Yeni Suriye’de Kürtleri statüsüz bırakmayı, Alevi bölgelerini insansızlaştırmayı, Dürzi ve Hristiyan toplumlar üzerinde şiddet eksenli bir korku imparatorluğu kurmayı hedefleyen yeni bir siyasal mühendislik devreye girdi. Özellikle Alevi toplumuna yönelik işkence, insan kaçırma ve kaybettirme, mala ve mülke çökme pratikleri SMO’nun saldırlarıyla eş zamanlı olarak sürmektedir.

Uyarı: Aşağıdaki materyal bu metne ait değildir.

Lemma dev_coef_bounds j k :
  Rabs (dev_coef j k) <= 32 * (w32 Ustar j * w32 Ustar k) /\
  dev_coef j k ^ 2 <= 32 * (w32 Ustar j * w32 Ustar k) * dev_mass j k.
Proof.
have Uw i : 0 <= (U i q)^2 <= 4 * w32 Ustar i.
  have := abs_mul_le_w32 (U_le i q) (U_le i q) (sq_le_sumR i Uq1) (sq_le_sumR i Uq1).
  by have := Rle_abs (U i q * U i q); have := pow2_ge_0 (U i q); rewrite /= !Rmult_1_r; lra.
have inner_le v : \big[Rplus/R0]_i (v i)^2 = 1 -> Rabs (colinner U q v) <= 1.
  by move=> v1; apply: Rle_trans (abs_sumR_le _) (sumR_abs_mul_le1 Uq1 v1).
have al1 : Rabs (colinner U q a * colinner U q b) <= 1.
  rewrite Rabs_mult; have := inner_le _ a1; have := inner_le _ b1.
  by have := Rabs_pos (colinner U q a); have := Rabs_pos (colinner U q b); nra.
rewrite /dev_coef (_ : U j q * U k q * a j * b k = (U j q * a j) * (U k q * b k)); last ring.
apply: diff_of_products_bounds => //.
- exact: abs_mul_le_w32 (U_le j q) (a_le j) (sq_le_sumR j Uq1) (sq_le_sumR j a1).
- exact: abs_mul_le_w32 (U_le k q) (b_le k) (sq_le_sumR k Uq1) (sq_le_sumR k b1).
Qed.

End Deviation.

End Sampling.

Lemma vnorm1_sumR_sq n (v : 'I_n -> R) : vnorm v = 1 -> \big[Rplus/R0]_i (v i)^2 = 1.
Proof.
rewrite /vnorm => v1; rewrite -(sqrt_sqrt (\big[Rplus/R0]_i (v i)^2)) ?v1; first ring.
by apply: sumR_ge0 => i; apply: pow2_ge_0.
Qed.

Lemma vnorm_mul_le n (z c : 'I_n -> R) g : 0 <= g -> (forall i, Rabs (z i) <= g) ->
  vnorm c = 1 -> vnorm (fun i => z i * c i) <= g.
Proof.
move=> g0 z_le /vnorm1_sumR_sq c1; rewrite /vnorm -(sqrt_pow2 g g0).
apply: sqrt_le_1_alt; rewrite -[g ^ 2]Rmult_1_r -c1 big_distrr.
apply: leR_sum => i; rewrite Rpow_mult_distr; apply: Rmult_le_compat_r; first exact: pow2_ge_0.
by rewrite -Rsqr_pow2 -Rsqr_pow2 Rsqr_abs; apply: Rsqr_incr_1 => //; exact: Rabs_pos.
Qed.

Lemma Ssum_gt0 n r (Ustar : 'I_n -> 'I_r -> R) (a : 'I_n -> R) :
  \big[Rplus/R0]_i (a i)^2 = 1 -> (forall i, Rabs (a i) <= 2 * rownorm Ustar i) ->
  0 < Ssum Ustar.
Proof.
move=> a1 a_le.
have [i a_i] : exists i, a i <> 0.
  apply: NNPP => a0; move: a1; rewrite big1 => [|i _]; first lra.
  have -> : a i = 0 by apply: NNPP => ?; apply: a0; exists i.
  ring.
have rho_i : 0 < rownorm Ustar i by have := Rabs_pos_lt _ a_i; have := a_le i; lra.
apply: Rlt_le_trans (leR_sum_term i (@w32_ge0 _ _ Ustar)).
by apply: pow_lt; apply: sqrt_lt_R0.
Qed.

Theorem mainTheorem8 :
  exists C : R, 0 < C /\
  forall (n r : nat) (Ustar U : 'I_n -> 'I_r -> R) (q : 'I_r)
         (a b c : 'I_n -> R) (gamma m : R),
    orthonormal_cols Ustar ->
    (forall l : 'I_r, \big[Rplus/R0]_(i : 'I_n) (U i l)^2 = 1) ->
    (forall (i : 'I_n) (l : 'I_r), Rabs (U i l) <= 2 * rownorm Ustar i) ->
    vnorm a = 1 -> vnorm b = 1 -> vnorm c = 1 ->
    (forall i : 'I_n, Rabs (a i) <= 2 * rownorm Ustar i) ->
    (forall i : 'I_n, Rabs (b i) <= 2 * rownorm Ustar i) ->
    (forall i : 'I_n, Rabs (c i) <= 2 * rownorm Ustar i) ->
    0 < gamma <= 1 ->
    m >= C / gamma^2 * INR n * ln (INR n) * (Ssum Ustar)^2 ->
    Prob Ustar m (fun d =>
      vnorm (fun i : 'I_n =>
        (colinner U q a * colinner U q b * Bdiag Ustar m U q d i
         - Rdiag Ustar m U q a b d i) * c i)
      <= gamma * vnorm b)
    >= 1 - 2 * / (INR n ^ 9).
Proof.
exists 15360; split; first lra.
move=> n r Ustar U q a b c gamma m _ U1 U_le a1 b1 c1 a_le b_le _ gamma01 m_ge.
have a1' := vnorm1_sumR_sq a1; have b1' := vnorm1_sumR_sq b1.
have S_gt0 := Ssum_gt0 a1' a_le.
rewrite Prob_bprob.
have [n_le1 | n_gt1] := leqP n 1.
  have n_gt0 : (0 < n)%N.
    rewrite lt0n; apply/eqP => n0; move: a1'; rewrite big1 => [|i]; first lra.
    by have := ltn_ord i; rewrite {2}n0.
  have n1 : INR n = 1 by rewrite (_ : n = 1%N) //; apply/eqP; rewrite eqn_leq n_le1 n_gt0.
  have m0 : 0 <= m by move: m_ge; rewrite n1 ln_1 Rmult_0_r Rmult_0_l; lra.
  rewrite n1 pow1 Rinv_1; apply: Rle_ge.
  by apply: Rle_trans (bprob_ge0 (phat3_01 Ustar m0) _); lra.
have [m_gt0 pden_gt0 rate] := sample_rate n_gt1 (proj1 gamma01) S_gt0 m_ge.
have pr01 := phat3_01 Ustar (Rlt_le _ _ m_gt0).
rewrite bprob_compl b1 Rmult_1_r.
apply: Rle_ge; apply: Rplus_le_compat_l; apply: Ropp_le_contravar.
apply: Rle_trans (bprob_le pr01
  (F := fun d => exists i, gamma <= Rabs (row_dev Ustar m (dev_coef U q a b) d i)) _) _.
  move=> d bad; apply: NNPP => good; apply: bad.
  apply: vnorm_mul_le c1 => [|i]; first lra.
  by rewrite row_devE; apply: Rlt_le; apply: Rnot_le_lt => ?; apply: good; exists i.
apply: Rle_trans (bprob_exists pr01 _) _.
apply: Rle_trans (leR_sum (fun i => row_dev_tail i (dev_mass_ge0 U q a b)
  (dev_coef_bounds (U1 q) a1' b1' U_le a_le b_le) (dev_mass_sum_le2 (U1 q) a1' b1')
  gamma01 m_gt0 pden_gt0 rate (dev_coef_sum0 a b (U1 q)))) _.
rewrite sumR_const card_ord; apply: Req_le; field.
by have := le_INR 2 n (leP n_gt1); rewrite /=; lra.
Qed.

HTŞ bu insanlık dışı saldırıları “kontrol dışı güçlere” mal edip işin içinden çıkma kurnazlığıyla hareket ediyor. Resmi olarak da saldırıların kontrol dışı olduğunu ifade ettiler. Ancak bu ciddiyetsiz ve sorumluluktan kaçan bir açıklamaydı.
Bu aşamada Suriye’de cihadistler dışında hiç kimsenin yaşamı güvende değil. Yeni rejimi destekleyen kesimin dışında kalan farklı kimlikler için yaşam giderek zorlaşıyor. Bu topluluklar içinde şu an en savunmasız kesim, Baas rejiminin yaptığı kötülüklerin mal edilmeye çalışıldığı Alevi toplumudur. Tüm duyarlı kesimler Suriye’de olası bir Alevi katliamı riskini fazlasıyla ciddiye almalı. Fırat’ın batısında Alevi toplumuna, Fırat’ın doğusu ve batısında Kürt toplumuna yönelik saldırılar bir süre daha devam edecek gibi görünüyor. Bu bağlamda uluslararası toplumun bir gözü Alevi toplumunda, diğer gözü Kürt toplumunda olması gerekiyor. Müslüman toplum dışında kalan farklı toplumlara yaklaşım HTŞ için büyük bir test alanı olacak.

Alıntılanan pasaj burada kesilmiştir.